Once you get a list of DEGs, you can do whatever following analysis you can think of in any DE analysis. Functional enrichment analysis, for instance, is one of them. There are different tools for different gene function annotation databases. One of the most commonly used one is DAVID for enrichment analysis of different databases including Gene Ontology, KEGG pathways and so on. Another famous enrichment analysis is GSEA which considers the rank of genes annotated with certain functional category. In this case, the p-values obtained from the tests, for instance, can be used to do the ranking.
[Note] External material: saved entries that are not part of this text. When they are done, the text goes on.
(* Let $\mathcal{R}$ be a set of rules on a finite set $Q$. Then $\mathcal{K}(\mathcal{R})=\mathcal{A}(\mathcal{R})$ if and only if for every pair of nontrivial implicates $(A,q)$, $(A',q')$ of $\mathcal{K}(\mathcal{R})$, both $((A\cup A')\setminus\{q,q'\},q)$ and $((A\cup A')\setminus\{q,q'\},q')$ are implicates of $\mathcal{K}(\mathcal{R})$.
   Context: A rule on $Q$ is a pair $(A,q)$ with $A\subseteq Q$, $q\in Q$; it is nontrivial if $q\notin A$. It accepts $Y\subseteq Q$ if $q\in Y$ implies $Y\cap A\neq\emptyset$. $\mathcal{K}(\mathcal{R})$ is the family of subsets accepted by all rules of $\mathcal{R}$, and $\mathcal{A}(\mathcal{R})$ is the family of $K\in\mathcal{K}(\mathcal{R})$ for which there is a sequence $\emptyset=Y_0\subseteq\dots\subseteq Y_k=K$ of members of $\mathcal{K}(\mathcal{R})$ with $|Y_{i+1}\setminus Y_i|=1$. A rule is an implicate of a family $\mathcal{F}$ if it accepts every member of $\mathcal{F}$. *)

From mathcomp Require Import all_boot.
Set Implicit Arguments. Unset Strict Implicit. Unset Printing Implicit Defensive.

Section Rules.
Variable Q : finType.

Definition rule := ({set Q} * Q)%type.

Definition nontrivial (r : rule) : bool := r.2 \notin r.1.

Definition accepts (r : rule) (Y : {set Q}) : bool :=
  (r.2 \in Y) ==> (Y :&: r.1 != set0).

Definition Kfam (R : {set rule}) : {set {set Q}} :=
  [set Y | [forall r in R, accepts r Y]].

Definition accessible_chain (R : {set rule}) (s : seq {set Q}) : Prop :=
  [/\ head set0 s = set0,
      all (fun Y => Y \in Kfam R) s &
      forall i, i.+1 < size s ->
        nth set0 s i \subset nth set0 s i.+1 /\
        #|nth set0 s i.+1 :\: nth set0 s i| = 1].

Definition inA (R : {set rule}) (K : {set Q}) : Prop :=
  K \in Kfam R /\
  exists s, [/\ accessible_chain R s, s <> [::] & last set0 s = K].

Definition implicate (F : {set {set Q}}) (r : rule) : Prop :=
  forall Y, Y \in F -> accepts r Y.

End Rules.

(** Forward: the accepting sets of both derived rules form a family that
    contains [set0] and survives adding one element inside [K(R)], since a
    single new element cannot be both [q] and [q'] at once; hence it contains
    every accessible set.  Backward: a nonempty [K] in [K(R)] always has an
    element [q] with [K :\ q] in [K(R)].  Otherwise every [x] in [K] is blocked
    by a rule [(B x, f x)] of [R] with [f x] in [K :\ x] and [B x] meeting [K]
    only in [x].  The exchange property chains these rules along the orbit of
    [f], giving implicates [(C, f^(k+1) q)] with [C] meeting [K] only in [q];
    since [K] is accepted, [f] has no periodic point in [K], which is absurd
    for a self-map of a finite set. *)

From mathcomp Require Import all_boot.
Set Implicit Arguments. Unset Strict Implicit. Unset Printing Implicit Defensive.

Lemma iter_periodic (T : finType) (f : T -> T) (x : T) :
  exists i k, iter k.+1 f (iter i f x) = iter i f x.
Proof.
have /trajectP[i lt_i_o eq_i] := looping_order f x.
exists i, (order f x - i).-1.
by rewrite prednK ?subn_gt0 // -iterD subnK ?(ltnW lt_i_o).
Qed.

Section Families.
Variable Q : finType.
Implicit Types (R : {set rule Q}) (A B C K Y Z : {set Q}).

Definition exchange_closed R :=
  forall A A' (q q' : Q),
    nontrivial (A, q) -> nontrivial (A', q') ->
    implicate (Kfam R) (A, q) -> implicate (Kfam R) (A', q') ->
    implicate (Kfam R) ((A :|: A') :\: [set q; q'], q) /\
    implicate (Kfam R) ((A :|: A') :\: [set q; q'], q').

Lemma set0_Kfam R : set0 \in Kfam R.
Proof. by rewrite inE; apply/forall_inP => r _; rewrite /accepts inE. Qed.

Lemma rule_implicate R r : r \in R -> implicate (Kfam R) r.
Proof. by move=> rR Y; rewrite inE => /forall_inP; apply. Qed.

Lemma inA_ind R (P : {set Q} -> Prop) :
  P set0 ->
  (forall Y Z, P Y -> Z \in Kfam R -> Y \subset Z -> #|Z :\: Y| = 1 -> P Z) ->
  forall K, inA R K -> P K.
Proof.
move=> P0 PS K [_ [s [[s0 sK s_step] s_nil <-]]].
suff Ps i : i < size s -> P (nth set0 s i).
  by rewrite -nth_last; apply: Ps; case: s s_nil {s0 sK s_step}.
elim: i => [|i IHi] lt_i; first by rewrite nth0 s0.
have [sub card1] := s_step i lt_i.
by apply: PS (IHi (ltnW lt_i)) _ sub card1; apply: (allP sK); apply: mem_nth.
Qed.

Lemma inA0 R : inA R set0.
Proof.
split; first exact: set0_Kfam.
by exists [:: set0]; split => //; split => //=; rewrite ?set0_Kfam // => -[].
Qed.

Lemma inA_extend R Y Z :
  inA R Y -> Z \in Kfam R -> Y \subset Z -> #|Z :\: Y| = 1 -> inA R Z.
Proof.
move=> [_ [s [[s0 sK s_step] s_nil sY]]] ZK sub card1; split => //.
exists (rcons s Z); split; last by rewrite last_rcons.
- split; first by case: s s_nil s0 {sK s_step sY}.
  + by rewrite all_rcons ZK sK.
  move=> i; rewrite size_rcons ltnS => le_i; rewrite !nth_rcons le_i.
  have [lt_i1|ge_i1] := ltnP i.+1 (size s); first exact: s_step.
  have eq_i1 : i.+1 = size s by apply/eqP; rewrite eqn_leq le_i ge_i1.
  have -> : nth set0 s i = Y by rewrite -sY -nth_last -eq_i1.
  by rewrite -eq_i1 eqxx.
- by case: s {s_nil s0 sK s_step sY}.
Qed.

Lemma meets_exchange_set (F : {set {set Q}}) A A' q q' Y Z :
  nontrivial (A, q) -> implicate F (A, q) -> Z \in F -> #|Z :\: Y| = 1 ->
  q \in Z -> q \notin Y -> q' \notin Y ->
  Z :&: ((A :|: A') :\: [set q; q']) != set0.
Proof.
rewrite /nontrivial /= => qA impA ZF card1 qZ qY q'Y.
have /set0Pn[y] := implyP (impA Z ZF) qZ; rewrite inE => /andP[yZ /= yA].
have /card_le1_eqP new_eq : #|Z :\: Y| <= 1 by rewrite card1.
have yq : y != q by apply: contraNneq qA => <-.
have yq' : y != q'.
  apply: contraNneq yq => eyq'; rewrite eyq' in yZ *.
  by apply/eqP/new_eq; rewrite inE ?qZ ?q'Y ?qY.
by apply/set0Pn; exists y; rewrite !inE yZ yA negb_or yq yq'.
Qed.

Lemma inA_exchange_implicate R A A' q q' :
  nontrivial (A, q) -> nontrivial (A', q') ->
  implicate (Kfam R) (A, q) -> implicate (Kfam R) (A', q') ->
  forall Y, inA R Y ->
  (q \in Y) || (q' \in Y) -> Y :&: ((A :|: A') :\: [set q; q']) != set0.
Proof.
move=> ntA ntA' impA impA'; apply: inA_ind => [|Y Z IHY ZK sub card1].
  by rewrite !inE.
have [old|] := boolP ((q \in Y) || (q' \in Y)).
  move=> _; apply: contraNneq (IHY old) => eZ.
  by rewrite -subset0 -eZ setSI.
rewrite negb_or => /andP[qY q'Y] /orP[qZ|q'Z].
  exact: meets_exchange_set ntA impA ZK card1 qZ qY q'Y.
rewrite setUC [[set q; q']]setUC.
exact: meets_exchange_set ntA' impA' ZK card1 q'Z q'Y qY.
Qed.

Lemma accessible_exchange_closed R :
  (forall K, K \in Kfam R -> inA R K) -> exchange_closed R.
Proof.
move=> KA A A' q q' ntA ntA' impA impA'.
by split=> Y /KA YA; apply/implyP => inY;
  apply: (inA_exchange_implicate ntA ntA' impA impA' YA); rewrite inY ?orbT.
Qed.

Section Unremovable.
Variables (R : {set rule Q}) (K : {set Q}).
Hypothesis exchange : exchange_closed R.
Hypothesis KK : K \in Kfam R.
Hypothesis unremovable : forall x, x \in K -> K :\ x \notin Kfam R.

Definition blocker (x : Q) : rule Q :=
  odflt (set0, x) [pick r in R | ~~ accepts r (K :\ x)].

Let B x := (blocker x).1.
Let f x := (blocker x).2.

Lemma blockerP x :
  x \in K -> [/\ blocker x \in R, f x \in K :\ x & [disjoint B x & K :\ x]].
Proof.
move=> xK; rewrite /f /B /blocker; case: pickP => [r /andP[rR]|none] /=.
  by rewrite /accepts negb_imply negbK setI_eq0 disjoint_sym => /andP[-> ->].
have := unremovable xK; rewrite inE => /forall_inPn[r rR bad].
by have := none r; rewrite rR bad.
Qed.

Lemma blocker_f_in x : x \in K -> f x \in K.
Proof. by case/blockerP => _ /setD1P[]. Qed.

Lemma blocker_meet x y : x \in K -> y \in B x -> y \in K -> y = x.
Proof.
case/blockerP => _ _ /disjointFr dis yB yK; apply/eqP; apply: contraFT (dis y yB).
by rewrite !inE yK andbT.
Qed.

Lemma blocker_nontrivial x : x \in K -> nontrivial (B x, f x).
Proof.
move=> xK; rewrite /nontrivial /=; apply/negP => fB.
have /blockerP[_ /setD1P[fx_x _] _] := xK.
by rewrite (blocker_meet xK fB (blocker_f_in xK)) eqxx in fx_x.
Qed.

Lemma blocker_implicate x : x \in K -> implicate (Kfam R) (B x, f x).
Proof.
by case/blockerP => rR _ _; apply: rule_implicate; rewrite -surjective_pairing.
Qed.

Lemma iter_blocker_in q n : q \in K -> iter n f q \in K.
Proof. by move=> qK; elim: n => //= n; apply: blocker_f_in. Qed.

Definition reaches (q p : Q) :=
  exists C, [/\ implicate (Kfam R) (C, p), nontrivial (C, p) & C :&: K \subset [set q]].

Lemma reaches_blocker q : q \in K -> reaches q (f q).
Proof.
move=> qK; exists (B q); split; [exact: blocker_implicate | exact: blocker_nontrivial |].
by apply/subsetP => y /setIP[yB yK]; rewrite inE (blocker_meet qK yB yK).
Qed.

Lemma reaches_step q t : t \in K -> reaches q t -> reaches q (f t).
Proof.
move=> tK [C [impC ntC CK]].
have [_ impD] := exchange ntC (blocker_nontrivial tK) impC (blocker_implicate tK).
exists ((C :|: B t) :\: [set t; f t]); split => //.
  by rewrite /nontrivial !inE eqxx orbT.
apply/subsetP => y; rewrite !inE negb_or => /andP[/andP[/andP[yt _] /orP[yC|yB]] yK].
  by rewrite -in_set1 (subsetP CK) // inE yC.
by rewrite (blocker_meet tK yB yK) eqxx in yt.
Qed.

Lemma reaches_iter q k : q \in K -> reaches q (iter k.+1 f q).
Proof.
move=> qK; elim: k => [|k]; first exact: reaches_blocker.
exact/reaches_step/iter_blocker_in.
Qed.

Lemma not_reaches_self q : q \in K -> ~ reaches q q.
Proof.
move=> qK [C [impC ntC CK]].
have /set0Pn[y /setIP[yK yC]] := implyP (impC K KK) qK.
have /set1P eyq : y \in [set q] by apply: (subsetP CK); rewrite inE yC.
by move: ntC; rewrite /nontrivial /= -eyq yC.
Qed.

Lemma unremovable_set0 : K = set0.
Proof.
apply/eqP; apply/set0Pn => -[q0 q0K].
have [i [k periodic]] := iter_periodic f q0.
have qK := iter_blocker_in i q0K.
by apply: (not_reaches_self qK); rewrite -{2}periodic; apply: reaches_iter.
Qed.

End Unremovable.

Lemma exchange_removable R K :
  exchange_closed R -> K \in Kfam R -> K != set0 ->
  exists2 q, q \in K & K :\ q \in Kfam R.
Proof.
move=> exchange KK K0.
have [/exists_inP[q qK KqK]|none] := boolP [exists q in K, K :\ q \in Kfam R].
  by exists q.
have K_0 : K = set0 by apply: (unremovable_set0 exchange KK); apply/exists_inPn.
by rewrite K_0 eqxx in K0.
Qed.

Lemma exchange_closed_accessible R :
  exchange_closed R -> forall K, K \in Kfam R -> inA R K.
Proof.
move=> exchange K; elim: {K}_.+1 {-2}K (ltnSn #|K|) => // n IHn K le_K KK.
have [->|K0] := eqVneq K set0; first exact: inA0.
have [q qK KqK] := exchange_removable exchange KK K0.
apply: (inA_extend (IHn _ _ KqK)) => //.
- by rewrite -ltnS (leq_trans _ le_K) // ltnS (cardsD1 q K) qK.
- exact: subD1set.
- by rewrite setDDr setDv set0U (setIidPr _) ?cards1 // sub1set.
Qed.

End Families.

Theorem lemma3p10 (Q : finType) (R : {set rule Q}) :
  (forall K : {set Q}, K \in Kfam R <-> inA R K) <->
  (forall (A A' : {set Q}) (q q' : Q),
     nontrivial (A, q) -> nontrivial (A', q') ->
     implicate (Kfam R) (A, q) -> implicate (Kfam R) (A', q') ->
     implicate (Kfam R) ((A :|: A') :\: [set q; q'], q) /\
     implicate (Kfam R) ((A :|: A') :\: [set q; q'], q')).
Proof.
split=> [KA | exchange K].
  by apply: accessible_exchange_closed => K /KA.
by split; [exact: exchange_closed_accessible | case].
Qed.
And the previous examples are only for the DE analysis on one cluster, the Cluster-0 ventral telencephalic neurons. In principle, we can apply the same analysis to all the clusters, or those clusters of your particular interest. It is also worth noting that for those tests which can take into account additional covariates to be controlled (e.g. DESeq2 and the GLM model), you may also do a global DE analysis by providing all the cells as the input meanwhile giving the cluster information as one covariate to control. In this case, you can generate one single DEG list while gaining statistical power as more cells being used; although with the drawback of lossing the capacity to know which DEGs may have the strongest effect in which cell types/states directly. But of course, you can then do analysis such as clustering the global DEGs based on their average expression in different clusters of different conditions to get such information in a different way. One just need to be creative, and in the end, you will for sure find the best to present the results that can be linked to the conclusions.